Alberto Medina began his journey toward a double major in college while he was still in kindergarten. That’s when he participated in his first science fair. Medina (CAS’13) fell in love with science, a passion he pursued through the ensuing 16 years of science fairs, high school advanced placement classes, the College of Arts & Sciences pre-med program, and a biology major.
Medina also wanted to study abroad and see the world. Having grown up speaking Spanish and English at home, he parlayed his bilingual abilities into a second major in French, another Romance language. He fully immersed himself in French language and culture through the BU Study Abroad program in Grenoble during his sophomore year and BU’s Paris Internship Program his senior year. In Paris he furthered his medical studies by interning at a hospital.

“Having two majors teaches you different ways of thinking,” says Medina. “Even with something like writing—writing in the science world is completely different from writing in the literary world. You can’t be metaphorical in science.”

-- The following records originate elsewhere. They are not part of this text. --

Lemma trunc_log_ge10 q : bad_prime S x y d n q -> 10 <= t.
Proof.
move=> bad_q; have t_gt0 : 0 < t by rewrite trunc_log_gt0; lia.
have [a [b [/mem_s a_in /mem_s b_in lt_ab dvd_q]]] :
    exists a b, [/\ a \in s, b \in s, a < b & q %| b - a].
  by apply: collisions_gt0 sorted_s _; have := collisions_bad_prime bad_q; lia.
have /andP[_ lt_n] := trunc_log2_bounds.
have /andP[/andP[_ /(in_range_lb trunc_log2_bounds) le_q] _] := bad_q.
have le_q_gap : q <= b - a by apply: dvdn_leq; lia.
have le_tt : t * t <= d * (t * t) by rewrite leq_pmull.
by apply: sq_lt_exp2_ge10 => //; lia.
Qed.

(* Raising both sides to the 16th power: each bad prime q >= L contributes
   q ^ (16 * collisions q s) >= L ^ (15 * d), while all collisions together
   are bounded by n ^ ((2 * d) ^ 2). *)
Lemma size_bad_primes (qs : seq nat) : uniq qs -> all (bad_prime S x y d n) qs ->
  150 * size qs <= 64 * d * t.+1.
Proof.
move=> uniq_qs /allP bad_qs; case E: qs => [//|q0 qs']; rewrite -E.
have q0_in : q0 \in qs by rewrite E mem_head.
have t_ge10 := trunc_log_ge10 (bad_qs q0 q0_in).
set L := 16 * d * (t * t).
have L_le q : q \in qs -> L <= q.
  by move/bad_qs/andP=> [/andP[_ /(in_range_lb trunc_log2_bounds)]].
have upper : \prod_(q <- qs) q ^ collisions q s <= n ^ (2 * d * (2 * d)).
  rewrite -size_s; apply: prod_pow_collisions_le => //; last lia.
  - by apply/allP => q /bad_qs /andP[/andP[]].
  - by apply/allP => i /mem_s; lia.
have lower : L ^ (15 * d * size qs) <= (\prod_(q <- qs) q ^ collisions q s) ^ 16.
  rewrite (big_morph (expn^~ 16) (fun a b => expnMn a b 16) (exp1n 16)) /=.
  rewrite expnM -(count_predT qs) -prod_nat_const_seq !big_seq; apply: leq_prod => q q_in.
  rewrite -expnM; apply: leq_trans (leq_exp2rW _ (L_le q q_in)).
  apply: leq_pexp2l; first lia.
  by have := collisions_bad_prime (bad_qs q q_in); lia.
have : 2 ^ (10 * (15 * d * size qs)) <= 2 ^ (t.+1 * (2 * d * (2 * d)) * 16).
  have L_ge : 2 ^ 10 <= L.
    have : 100 <= t * t by nia.
    have : t * t <= d * (t * t) by rewrite leq_pmull.
    rewrite /L; lia.
  rewrite (expnM 2 10) (expnM 2 _ 16) (expnM 2 t.+1).
  apply: leq_trans (leq_exp2rW _ L_ge) _.
  apply: leq_trans lower _; apply: leq_exp2rW; apply: leq_trans upper _.
  by apply: leq_exp2rW; have /andP[_ /ltnW] := trunc_log2_bounds.
rewrite leq_exp2l // (_ : t.+1 * (2 * d * (2 * d)) * 16 = d * (64 * d * t.+1)); last lia.
by rewrite (_ : 10 * (15 * d * size qs) = d * (150 * size qs)) ?leq_pmul2l //; lia.
Qed.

Undergrads who study multiple disciplines in depth are training their brains to analyze information in different, complementary ways, according to a Vanderbilt University report published last fall. “Double Majors: Influences, Identities, and Impacts” found that double majors often apply knowledge and approaches learned in one major to their work in the other major—thus strengthening their integrative and creative thinking skills. Integrative thinking refers to the ability to make connections across subjects and apply different intellectual frameworks to solve a problem. Creative thinking is the ability to generate unorthodox, original ideas based on the knowledge of two, often very different, disciplines.
The Vanderbilt report found a much higher rate of double majors at top colleges—19 percent at the nine elite institutions studied, including Duke University, Dartmouth College, and Trinity College—versus 9 percent at US colleges overall. The report highlights the benefits of double majoring and raises the question—should students be encouraged or even pushed to double major?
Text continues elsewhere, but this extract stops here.